Her aunt Mona's cheerful voice filled her ear. What was she doing? Oh, had she woken her up? Oh well; they were in town for a reunion the previous night and before heading back they wanted to see her place and treat her to breakfast. Now that she was awake…
09/27
The people at the UPS office were slow. Granted, it's a big place and who knows where, in that vast space of conveyer belts and "This is NOT a ride" picture-signs, they keep the packages they tried to deliver three times. Who knows how many packages await pick-up back in that cavernous, carnivorous room of noise and smileless faces in weird stripey uniforms that you never see on drivers.
On the wall over the scales behind the counter there is a big red button (just the kind every kid wants to push) surrounded by a yellow plastic frame labeled "Evacuate."
09/28
Even though she never looked at it, Angela still kept the picture on her desk. Whenever her gaze slid over it—she refused to let her eyes linger on it—she wondered why she didn't replace the picture. She had more meaningful relationships in her life now. And it's not like the picture was her favorite picture of them, either—her hair was kind of flat, and eyes half closed. Ashley had shaved her head the night before and looked ghastly. Sylvia's lips were half-puckered in an unattractive pout.
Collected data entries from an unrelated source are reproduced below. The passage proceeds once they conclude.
Lemma sg_eval_subgroup v : (forall i, is_subgroup (v i)) ->
  forall t, is_subgroup (sg_eval v t).
Proof.
move=> Hv; elim=> [i|s _ t _|s IHs t IHt] /=; [exact: Hv|exact: sg_join_subgroup|].
split; first by split; apply: subgroup0.
by move=> x y [Sx Tx] [Sy Ty]; split; apply: subgroupB.
Qed.

Lemma sg_eval_ext v v' : (forall i x, v i x <-> v' i x) ->
  forall t x, sg_eval v t x <-> sg_eval v' t x.
Proof.
move=> eqv; elim=> [i|s IHs t IHt|s IHs t IHt] x /=; first exact: eqv.
  exact: sg_join_ext.
by rewrite /sg_meet IHs IHt.
Qed.

Definition sg_cyclic (y : A) : A -> Prop := fun z => exists k, z = y *~ k.

Lemma sg_cyclic_subgroup y : is_subgroup (sg_cyclic y).
Proof.
split; first by exists 0; rewrite mulr0z.
by move=> _ _ [k ->] [l ->]; exists (k - l); rewrite mulrzBr.
Qed.

Lemma sg_cyclic_gen y : sg_cyclic y y.
Proof. by exists 1; rewrite mulr1z. Qed.

End SubgroupLattice.

Lemma ldualK : involutive ldual.
Proof. by elim=> //= a -> b ->. Qed.

Section Morphisms.
Variables (G A : zmodType) (f : {additive G -> A}).
Implicit Types (S : A -> Prop) (v : nat -> A -> Prop).

Definition sg_image (w : G -> Prop) : A -> Prop := fun y => exists2 a, w a & f a = y.

Lemma comp_subgroup S : is_subgroup S -> is_subgroup (S \o f).
Proof.
move=> HS; split=> [|x y Sx Sy] /=; first by rewrite raddf0; apply: subgroup0.
by rewrite raddfB; apply: subgroupB.
Qed.

Lemma sg_image_subgroup w : is_subgroup w -> is_subgroup (sg_image w).
Proof.
move=> Hw; split=> [|_ _ [a wa <-] [b wb <-]].
  by exists 0; [apply: subgroup0|rewrite raddf0].
by exists (a - b); [apply: subgroupB|rewrite raddfB].
Qed.

Lemma sg_eval_comp_le v : (forall i, is_subgroup (v i)) ->
  forall t a, sg_eval (fun i => v i \o f) t a -> sg_eval v t (f a).
Proof.
move=> Hv; elim=> [i|s IHs t IHt|s IHs t IHt] a //=; last first.
  by case=> [Sa Ta]; split; [apply: IHs|apply: IHt].
apply: (sg_join_min (U := sg_join (sg_eval v s) (sg_eval v t) \o f)).
- exact/comp_subgroup/sg_join_subgroup.
- by move=> y /IHs; apply: sg_joinl.
- by move=> y /IHt; apply: sg_joinr.
Qed.

Lemma sg_eval_in_range v : (forall i, is_subgroup (v i)) ->
  (forall i y, v i y -> exists a, f a = y) ->
  forall t y, sg_eval v t y -> exists a, f a = y.
Proof.
move=> Hv vf; elim=> [i|s IHs t IHt|s IHs t _] y /=; first exact: vf.
  apply: (sg_join_min (U := fun y => exists a, f a = y)) => //.
  by split=> [|_ _ [a <-] [b <-]]; [exists 0; rewrite raddf0|exists (a - b); rewrite raddfB].
by case=> /IHs.
Qed.

Lemma sg_eval_comp v : (forall i, is_subgroup (v i)) ->
  (forall i y, v i y -> exists a, f a = y) ->
  forall t a, sg_eval (fun i => v i \o f) t a <-> sg_eval v t (f a).
Proof.
move=> Hv vf t; split; first exact: sg_eval_comp_le.
have Hvf i : is_subgroup (v i \o f) by apply: comp_subgroup.
elim: t a => [i|s IHs t IHt|s IHs t IHt] a //=; last first.
  by case=> [Sa Ta]; split; [apply: IHs|apply: IHt].
rewrite !sg_joinP; try exact: sg_eval_subgroup.
case=> y [z [/[dup] Sy /(sg_eval_in_range Hv vf) [b fb] Tz Efa]].
exists b, (a - b); split; [by apply: IHs; rewrite fb| |by rewrite addrC subrK].
by apply: IHt; rewrite raddfB Efa fb addrC addKr.
Qed.

Lemma sg_eval_image (w : nat -> G -> Prop) : (forall i, is_subgroup (w i)) ->
  (forall i a, f a = 0 -> w i a) ->
  forall t a, sg_eval (fun i => sg_image (w i)) t (f a) <-> sg_eval w t a.
Proof.
move=> Hw kerw t a; rewrite -sg_eval_comp => [|i|i _ [b _ <-]]; last 2 first.
- exact: sg_image_subgroup.
- by exists b.
apply: sg_eval_ext => i b /=; split=> [[c wc fc]|wb]; last by exists b.
rewrite -(subrK c b); apply: subgroupD => //.
by apply: kerw; rewrite raddfB fc subrr.
Qed.

End Morphisms.

Lemma sg_eval_finitely_generated (A : zmodType) (v : nat -> A -> Prop) t x :
  (forall i, is_subgroup (v i)) -> sg_eval v t x ->
  exists W : seq A, forall (G : zmodType) (g : {additive G -> A}),
    (forall w, w \in W -> exists a, g a = w) ->
    forall k, g k = x -> sg_eval (fun i => v i \o g) t k.
Proof.
move=> Hv; elim: t x => [i|s IHs t IHt|s IHs t IHt] x /=.
- by move=> vx; exists [::] => G g _ k /= ->.
- rewrite sg_joinP; try exact: sg_eval_subgroup.
  case=> y [z [/IHs [Ws HWs] /IHt [Wt HWt] ->]].
  exists (y :: Ws ++ Wt) => G g gW k gk.
  have gWs w : w \in Ws -> exists a, g a = w by move=> Ww; apply: gW; rewrite !inE mem_cat Ww orbT.
  have gWt w : w \in Wt -> exists a, g a = w by move=> Ww; apply: gW; rewrite !inE mem_cat Ww !orbT.
  have [ky gky] := gW y (mem_head _ _).
  rewrite sg_joinP; try by apply: sg_eval_subgroup => i; apply: comp_subgroup.
  exists ky, (k - ky); split; [exact: HWs| |by rewrite addrC subrK].
  by apply: HWt => //; rewrite raddfB gk gky addrC addKr.
- case=> /IHs [Ws HWs] /IHt [Wt HWt]; exists (Ws ++ Wt) => G g gW k gk.
  by split; [apply: HWs|apply: HWt] => // w Ww; apply: gW; rewrite mem_cat Ww ?orbT.
Qed.

Definition eqmodZ (a b : rat) := a - b \is a Num.int.

Lemma eqmodZ_refl a : eqmodZ a a.
Proof. by rewrite /eqmodZ subrr rpred0. Qed.

Lemma eqmodZ_sym a b : eqmodZ a b -> eqmodZ b a.
Proof. by rewrite /eqmodZ -opprB rpredN. Qed.

Lemma eqmodZ_trans a b c : eqmodZ a b -> eqmodZ b c -> eqmodZ a c.
Proof. by move=> ab bc; have := rpredD ab bc; rewrite addrA subrK. Qed.

Lemma eqmodZD a b c d : eqmodZ a b -> eqmodZ c d -> eqmodZ (a + c) (b + d).
Proof. by move=> ab cd; rewrite /eqmodZ opprD addrACA rpredD. Qed.

Lemma eqmodZN a b : eqmodZ a b -> eqmodZ (- a) (- b).
Proof. by rewrite /eqmodZ -opprD rpredN. Qed.

Lemma eqmodZB a b c d : eqmodZ a b -> eqmodZ c d -> eqmodZ (a - c) (b - d).
Proof. by move=> ab /eqmodZN; apply: eqmodZD. Qed.

Lemma eqmodZ_sum I (r : seq I) (F F' : I -> rat) : (forall i, eqmodZ (F i) (F' i)) ->
  eqmodZ (\sum_(i <- r) F i) (\sum_(i <- r) F' i).
Proof. by move=> FF'; rewrite /eqmodZ -sumrB; apply: rpred_sum => i _; apply: FF'. Qed.

Lemma eqmodZ_int a b : eqmodZ a b -> b \is a Num.int -> a \is a Num.int.
Proof. by move=> ab bZ; have := rpredD ab bZ; rewrite subrK. Qed.

Lemma int_subgroup_dvdz (I : int -> Prop) : is_subgroup I ->
  exists d : nat, forall k, I k <-> (d %| k)%Z.
Proof.
move=> HI; have [[k [Ik k_neq0]]|I0] := pselect (exists k, I k /\ k != 0); last first.
  exists 0%N => k; rewrite dvd0z; split=> [Ik|/eqP ->]; last exact: subgroup0.
  by apply: contraT => k_neq0; case: I0; exists k.
have /ex_minnP[d /asboolP Id d_min] : exists n, `[< I n.+1%:Z >].
  case: k Ik k_neq0 => [[|n]|n] Ik // _; exists n; apply: asboolT => //.
  by rewrite -[Posz _]opprK -NegzE; apply: subgroupN.
have IMd (j : int) : I (j * d.+1) by rewrite mulrC -mulrzz; apply: subgroupMz.
exists d.+1 => {Ik k_neq0}k; split=> [Ik|/dvdzP [j ->] //].
apply/dvdz_mod0P; have Ir : I (k %% d.+1)%Z by apply: subgroupB.
have := modz_ge0 k (isT : d.+1%:Z != 0); have := ltz_pmod k (isT : 0 < d.+1%:Z).
case: (k %% d.+1)%Z Ir => [[|r]|r] //= Ir; rewrite ltz_nat ltnS => r_lt _.
by have := d_min r (asboolT Ir); rewrite leqNgt r_lt.
Qed.

Lemma natr_inv_notint (R : archiNumFieldType) n : (1 < n)%N -> n%:R^-1 \isn't a @Num.int R.
Proof.
move=> n_gt1; have n_gt0 : 0 < n%:R :> R by rewrite ltr0n ltnW.
apply/negP => /norm_intr_ge1; rewrite invr_eq0 gt_eqF // => /(_ isT).
by rewrite normfV gtr0_norm // invf_ge1 // lern1 leqNgt n_gt1.
Qed.

Section QZCharacters.
Variable G : zmodType.
Implicit Types (U V : G -> Prop) (psi phi : G -> rat).

Definition qz_character U psi :=
  forall a b, U a -> U b -> eqmodZ (psi (a - b)) (psi a - psi b).

Section Character.
Variables (U : G -> Prop) (psi : G -> rat).
Hypotheses (HU : is_subgroup U) (Hpsi : qz_character U psi).

Lemma qz_character0 : eqmodZ (psi 0) 0.
Proof. by have := Hpsi (subgroup0 HU) (subgroup0 HU); rewrite !subrr. Qed.

Lemma qz_characterN a : U a -> eqmodZ (psi (- a)) (- psi a).
Proof.
move=> Ua; have := Hpsi (subgroup0 HU) Ua; rewrite sub0r => /eqmodZ_trans; apply.
by rewrite -[X in eqmodZ _ X]sub0r; apply: eqmodZB qz_character0 (eqmodZ_refl _).
Qed.

Lemma qz_characterD a b : U a -> U b -> eqmodZ (psi (a + b)) (psi a + psi b).
Proof.
move=> Ua Ub; have := Hpsi Ua (subgroupN HU Ub); rewrite opprK => /eqmodZ_trans; apply.
by rewrite -[psi b]opprK; exact: eqmodZB (eqmodZ_refl _) (qz_characterN Ub).
Qed.

Lemma qz_characterMz a k : U a -> eqmodZ (psi (a *~ k)) (psi a *~ k).
Proof.
move=> Ua; have psiMn m : eqmodZ (psi (a *+ m)) (psi a *+ m).
  elim: m => [|m IHm]; rewrite ?mulr0n ?qz_character0 // !mulrS.
  apply: eqmodZ_trans (qz_characterD Ua (subgroupMz m HU Ua)) _.
  exact: eqmodZD (eqmodZ_refl _) IHm.
case: k => m; first exact: psiMn.
exact: eqmodZ_trans (qz_characterN (subgroupMz m.+1 HU Ua)) (eqmodZN (psiMn _)).
Qed.

Lemma qz_character_sum I (r : seq I) (F : I -> G) : (forall i, U (F i)) ->
  eqmodZ (psi (\sum_(i <- r) F i)) (\sum_(i <- r) psi (F i)).
Proof.
move=> UF; elim: r => [|i r IHr]; first by rewrite !big_nil qz_character0.
rewrite !big_cons; apply: eqmodZ_trans (eqmodZD (eqmodZ_refl _) IHr).
by apply: qz_characterD => //; apply: subgroup_sum.
Qed.

End Character.

Lemma qz_character_glue U V psi phi : is_subgroup U -> is_subgroup V ->
  qz_character U psi -> qz_character V phi ->
  (forall z, U z -> V z -> eqmodZ (psi z) (phi z)) ->
  exists2 chi, qz_character (sg_join U V) chi &
    (forall u, U u -> eqmodZ (chi u) (psi u)) /\ (forall w, V w -> eqmodZ (chi w) (phi w)).
Proof.
move=> HU HV Hpsi Hphi psi_phi.
have /choice[dec decP] : forall z, exists uw : G * G, sg_join U V z ->
    [/\ U uw.1, V uw.2 & z = uw.1 + uw.2].
  move=> z; have [/(sg_joinP _ HU HV) [u [w [Uu Vw ->]]]|nJz] := pselect (sg_join U V z).
    by exists (u, w) => _; split.
  by exists (0, 0) => /nJz.
pose chi z := psi (dec z).1 + phi (dec z).2.
(* Two decompositions of the same element differ by an element of [U :&: V]. *)
have chiE u w : U u -> V w -> eqmodZ (chi (u + w)) (psi u + phi w).
  move=> Uu Vw; have Juw : sg_join U V (u + w) by apply/(sg_joinP _ HU HV); exists u, w.
  rewrite /chi; case: (dec (u + w)) (decP _ Juw) => u' w' /= [Uu' Vw' uw].
  have d_eq : u - u' = w' - w by apply/eqP; rewrite -subr_eq0 opprB addrACA -opprD uw subrr.
  have Vd : V (u - u') by rewrite d_eq; apply: subgroupB.
  have UVd := psi_phi _ (subgroupB HU Uu Uu') Vd.
  rewrite /eqmodZ (_ : _ - _ = psi (u - u') - (psi u - psi u') - (psi (u - u') - phi (u - u'))
                                  - (phi (w' - w) - (phi w' - phi w))); last by rewrite d_eq; ring.
  exact: rpredB (rpredB (Hpsi _ _ Uu Uu') UVd) (Hphi _ _ Vw' Vw).
exists chi; last split.
- move=> _ _ /(sg_joinP _ HU HV) [u [w [Uu Vw ->]]] /(sg_joinP _ HU HV) [u' [w' [Uu' Vw' ->]]].
  rewrite opprD addrACA.
  apply: eqmodZ_trans (chiE _ _ (subgroupB HU Uu Uu') (subgroupB HV Vw Vw')) _.
  apply: eqmodZ_trans (eqmodZD (Hpsi _ _ Uu Uu') (Hphi _ _ Vw Vw')) _.
  by rewrite addrACA -opprD; apply: eqmodZB; apply/eqmodZ_sym/chiE.
- move=> u Uu; have := chiE _ _ Uu (subgroup0 HV); rewrite addr0 => /eqmodZ_trans; apply.
  by rewrite -[X in eqmodZ _ X]addr0; apply: eqmodZD (eqmodZ_refl _) (qz_character0 HV Hphi).
- move=> w Vw; have := chiE _ _ (subgroup0 HU) Vw; rewrite add0r => /eqmodZ_trans; apply.
  by rewrite -[X in eqmodZ _ X]add0r; apply: eqmodZD (qz_character0 HU Hpsi) (eqmodZ_refl _).
Qed.
(* Let $F|R$ be an extension of ordered fields with canonical valuation $v$ and assume that $vR$ is a convex subgroup of $vF$. Then the injective maps $\tilde\iota:\mathcal C(R)\to\mathcal C(F)$ that are continuous with respect to the full topologies and compatible with restriction are exactly the maps constructed as follows: for a non-ball cut $C=(D,E)$ of $R$, $\tilde\iota(C)$ is one of $D^{+}_F$ or $E^{-}_F$; if $C$ is the lower edge $B_0^-$ (resp. upper edge $B_0^+$) in $R$ of a ball $B_0\neq R$ with ball complement $(D,E)$ in $R$, then $\tilde\iota(C)=D^{+}_F$ (resp. $E^{-}_F$); and $\tilde\iota((\emptyset,R))=R^{-}_F$, $\tilde\iota((R,\emptyset))=R^{+}_F$.
   Context: The canonical valuation $v$ of an ordered field has as valuation ring the convex hull of $\mathbb Z$. For an ordered field $K$, a cut is a pair $(D,E)$ with $D<E$, $D\cup E=K$; $\mathcal C(K)$ is the set of cuts, ordered by $(D_1,E_1)<(D_2,E_2)$ iff $D_1\subsetneq D_2$. For nonempty $A\subseteq K$, $A^+=(D,K\setminus D)$ with $D$ the smallest initial segment containing $A$, and $A^-=(K\setminus E,E)$ with $E$ the smallest final segment containing $A$; for $A\subseteq R$, $A^{\pm}_F$ are these cuts taken in $F$. For $a\in K$ and a final segment $S$ of $vK$ (possibly empty), $B_S(a,K)=\{b\in K\mid v(a-b)\in S\cup\{\infty\}\}$ is a ball; a ball complement of a ball $B$ is $(D,E)$ with $D<B<E$, $D\cup B\cup E=K$. A cut is a ball cut if it is $B^+$ (upper edge) or $B^-$ (lower edge) of a ball $B$, otherwise a non-ball cut. Two cuts are equivalent if equal or the lower and upper edge of the same ball; a subset of $\mathcal C(K)$ is full if closed under equivalence. The interval topology on $\mathcal C(K)$ has basic open sets $(C_1,C_2)$, $(C_1,(K,\emptyset)]$, $[(\emptyset,K),C_2)$; the full topology consists of all full sets open in the interval topology. Restriction of a cut $(D',E')$ of $F$ to $R$ is $(D'\cap R,E'\cap R)$; $\tilde\iota$ is compatible with restriction if the restriction of $\tilde\iota(C)$ is $C$ for all $C$. *)

From HB Require Import structures.
From mathcomp Require Import all_boot all_order all_algebra.
From mathcomp Require Import boolp classical_sets.
Set Implicit Arguments. Unset Strict Implicit. Unset Printing Implicit Defensive.
Import Order.TTheory GRing.Theory Num.Theory.
Local Open Scope ring_scope.
Local Open Scope classical_set_scope.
Odd, she thought, how she never missed them after high school.
09/29
Spell check: a function in most word processing programs which identifies those words in your document which do not match those in its dictionary. This is not to say that the indicated words are not correct; the software's dictionary is far from complete. This is also not to say that spell check will identify words as incorrect that you typed but didn't mean to type--those words that your fingers assume you want to type without receiving verification from your brain (with instead of wit).
For god's sake, take five minutes to read your draft before you turn it in.
09/30
An active imagination, that's what the teacher told her mom, but Fern knew herself to be the only sensible six-year-old in a classroom full of gullible twits. She didn't waste her time staying in the lines when she colored, and when she drew, her sketches were detailed far beyond wavy yellow hair on waxy stick figures. You could see every red-purple scale, tooth, and claw on her pictures.
That's why they talked to her. They knew that if she could see them and talk to them, then they must be real. She wouldn't waste her time talking to imaginary creatures.